When using 4 clients (and not Synology) I can fully utilize the LAG between switches - this would be expected behavior as src and dst mac are different for both flows.
client A iperf server > LAG 2 legs > client B iperf client (1 flow per src mac)
client C iperf server > LAG 2 legs > client D iperf client (another flow per src mac)
= both legs fully saturated.

So I guess what I need is "TCP ports" as an option for load balancing on the SG models to make 1 NAS able to deliver more than 1 flow.

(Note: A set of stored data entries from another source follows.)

(* Let $n>2r\ge 4$, let $G=\mathrm{S}_n$ acting on $\Omega=\binom{[n]}{r}$, let $\mathcal{B}_i=\{\alpha_1,\dots,\alpha_i\}\subseteq\Omega$, and let $G_i=G_{(\mathcal{B}_i)}$ be its pointwise stabiliser. Let $\alpha\in\Omega$. Then $|\alpha^{G_i}|$ is maximal among the orbit sizes $|\beta^{G_i}|$, $\beta\in\Omega$, if and only if there is a possible output $\alpha_{i+1}$ of $\mathtt{MetaGreedy}(\mathcal{B}_i)$ such that $(G_i)_\alpha\cong (G_i)_{\alpha_{i+1}}$.
   Context: For $u\in[n]$ let $N_{\mathcal{B}_i}(u)=\{\alpha\in\mathcal{B}_i : u\in\alpha\}$. The procedure $\mathtt{MetaGreedy}(\mathcal{B}_i)$ is: set $M_0=\emptyset$; for $j=1,\dots,r$, choose $m_j\in[n]\setminus M_{j-1}$ to be any point from any $G_i$-orbit $\Delta\subseteq[n]$ that maximises $\frac{|\Delta\setminus M_{j-1}|}{|\Delta\cap M_{j-1}|+1}$, and if this maximum value equals $1$ then additionally choose $m_j$ to be such a point with smallest neighbourhood size $|N_{\mathcal{B}_i}(m_j)|$; set $M_j=M_{j-1}\cup\{m_j\}$. The output is $\alpha_{i+1}=M_r$. Different choices give different possible outputs. *)

From mathcomp Require Import all_boot all_order all_algebra all_fingroup.
Set Implicit Arguments. Unset Strict Implicit. Unset Printing Implicit Defensive.
Import GRing.Theory Num.Theory.
Local Open Scope group_scope.

Definition rsubset (n r : nat) (a : {set 'I_n}) : Prop := #|a| = r.

(* G_i = G_(B_i): pointwise stabiliser in Sym([n]) of the family B of r-sets,
   for the induced action 'P^* of permutations on subsets of 'I_n. *)
Definition ptstab (n : nat) (B : {set {set 'I_n}}) : {set {perm 'I_n}} :=
  'C(B | 'P^*).

Definition nbhd (n : nat) (B : {set {set 'I_n}}) (u : 'I_n) : {set {set 'I_n}} :=
  [set a in B | u \in a].

Definition greedy_ratio (n : nat) (D M : {set 'I_n}) : rat :=
  ((#|D :\: M|)%:R / (#|D :&: M|.+1)%:R)%R.

Definition pt_orbit (n : nat) (B : {set {set 'I_n}}) (x : 'I_n) : {set 'I_n} :=
  orbit 'P (ptstab B) x.

Definition max_orbit (n : nat) (B : {set {set 'I_n}}) (M D : {set 'I_n}) : Prop :=
  forall y : 'I_n, (greedy_ratio (pt_orbit B y) M <= greedy_ratio D M)%R.

Definition greedy_step (n : nat) (B : {set {set 'I_n}}) (M : {set 'I_n}) (m : 'I_n) : Prop :=
  m \notin M /\
  exists D : {set 'I_n},
    [/\ (exists x, D = pt_orbit B x), m \in D, max_orbit B M D &
        (greedy_ratio D M = 1%R ->
         forall (m' : 'I_n) (D' : {set 'I_n}),
           m' \notin M -> (exists x, D' = pt_orbit B x) -> m' \in D' ->
           max_orbit B M D' -> #|nbhd B m| <= #|nbhd B m'|)%N].

(* alpha' is a possible output M_r of MetaGreedy(B): there are choices
   m_1, ..., m_r (indexed by 'I_r) such that each m_j is a legal step
   with M_{j-1} = {m_1, ..., m_{j-1}}, and alpha' = {m_1, ..., m_r}. *)
Definition metagreedy_output (n r : nat) (B : {set {set 'I_n}}) (a' : {set 'I_n}) : Prop :=
  exists m : 'I_r -> 'I_n,
    (forall j : 'I_r, greedy_step B [set m k | k : 'I_r & (k < j)%N] (m j)) /\
    a' = [set m k | k : 'I_r].

From mathcomp Require Import all_boot all_order all_algebra all_fingroup.
From mathcomp Require Import zify ring.
Set Implicit Arguments. Unset Strict Implicit. Unset Printing Implicit Defensive.
Import Order.TTheory GRing.Theory Num.Theory.
Local Open Scope group_scope.

(* The pointwise stabiliser G of B is the direct product of the symmetric
   groups on its orbits on [n], the cells (classes of points lying in the same
   members of B).  So the G-orbit of a set S is determined by its profile, the
   number of points of S in each cell, and has size prod_C binomial(|C|, |C & S|).
   Moving a point of S from a cell X holding a points of S to a cell Y holding b
   of them multiplies this size by a (|Y| - b) / ((|X| - a + 1) (b + 1)).  If no
   such move enlarges the orbit of T, these factors are monotone enough that any
   r-set can be walked to T one point at a time without its orbit shrinking, so
   T has an orbit of maximal size.  A MetaGreedy step adds a point of a cell C
   maximising (|C| - c) / (c + 1), with c points of C already chosen, which
   preserves this stability: MetaGreedy outputs maximal orbits, and isomorphic
   stabilisers give equal orbit sizes.  Conversely, a greedy run can be kept
   inside a maximal set, except at a tie of ratio 1 whose tie-break leaves it;
   then one move between the two cells of ratio 1 keeps the orbit size and
   complements the profile in both cells, which changes the stabiliser only by
   conjugation. *)

Section FiniteSets.
Variable T : finType.

Lemma perm_imset_id (h : {perm T}) (S : {set T}) :
  h @: S = S <-> {mono h : z / z \in S}.
Proof.
split=> [hS z | hS]; first by rewrite -{1}hS mem_imset //; apply: perm_inj.
apply/eqP; rewrite eqEcard card_imset ?leqnn ?andbT; last exact: perm_inj.
by apply/subsetP => _ /imsetP[z zS ->]; rewrite hS.
Qed.

Definition exchange (S : {set T}) x y := y |: (S :\ x).

Lemma card_exchange_meet (S C : {set T}) x y : x \in S -> y \notin S ->
  #|C :&: exchange S x y| + (x \in C) = #|C :&: S| + (y \in C).
Proof.
move=> xS yS; rewrite (cardsD1 x (C :&: S)) inE xS andbT.
have yD : y \notin C :&: S :\ x by rewrite !inE (negbTE yS) !andbF.
case: (boolP (y \in C)) => yC.
  have -> : C :&: exchange S x y = y |: (C :&: S :\ x).
    apply/setP => z; rewrite !inE; case: eqP => [->|_] /=; rewrite ?yC //.
    by rewrite andbCA.
  by rewrite cardsU1 yD; lia.
have -> : C :&: exchange S x y = C :&: S :\ x.
  apply/setP => z; rewrite !inE; case: eqP => [->|_] /=; last by rewrite andbCA.
  by rewrite (negbTE yC) (negbTE yS) !andbF.
by rewrite addn0 addnC.
Qed.

Lemma card_exchange (S : {set T}) x y :
  x \in S -> y \notin S -> #|exchange S x y| = #|S|.
Proof.
by move=> xS yS; have := card_exchange_meet setT xS yS; rewrite !setTI !inE; lia.
Qed.

Lemma tperm_exchange (S : {set T}) x y :
  x \in S -> y \notin S -> tperm x y @: S = exchange S x y.
Proof.
move=> xS yS; have xy : x != y by apply: contraNneq yS => <-.
apply/setP => z; rewrite -[z in LHS](tpermK x y) mem_imset ?inE; last exact: perm_inj.
case: tpermP => [-> | -> | /eqP zx /eqP zy]; rewrite ?eqxx ?xS ?(negbTE yS) ?orbF //.
  by rewrite (negbTE xy).
by rewrite (negbTE zx) (negbTE zy).
Qed.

I also have to correct my findings about the Dlink DXS. While I had fully saturated LAG 2x 10G working at some point I was not able to reproduce this. So for now its delivering the same results than the SG550XG-8F8T and the SG500X-24 (sending TO the NAS from 2 clients works utilizing both LAG links, receiving from the NAS [1 MAC address] with two clients utilizes only one LAG link.
I also had a play with the different options on the DXS and they seem to have nothing to do with the label.. :

  • 2 clients > NAS: 2 legs, NAS > 2 clients: 1 leg (all the same)
    „Source Mac“, „Source Destination Mac“, „Destination IP“
  • massive reduced speed (switch CPU remains at ~20 % load so thats not the bottleneck)
    "Destination Mac", „Source IP“
  • Source Destination IP I don't remember but I would not improve things.

This concludes my testing about LAG, Synology and transfer speed.
I'm trying to get a Cisco representative to confirm my assumption about the SG series not supporting TCP port as load balancing hash argument.

... when testing with the current firmware for SG550XG-8F8T the other day I was able to archive 12+ GBit/s (limited to other factors).

So I think Cisco did something here to solve the issue. Thanks!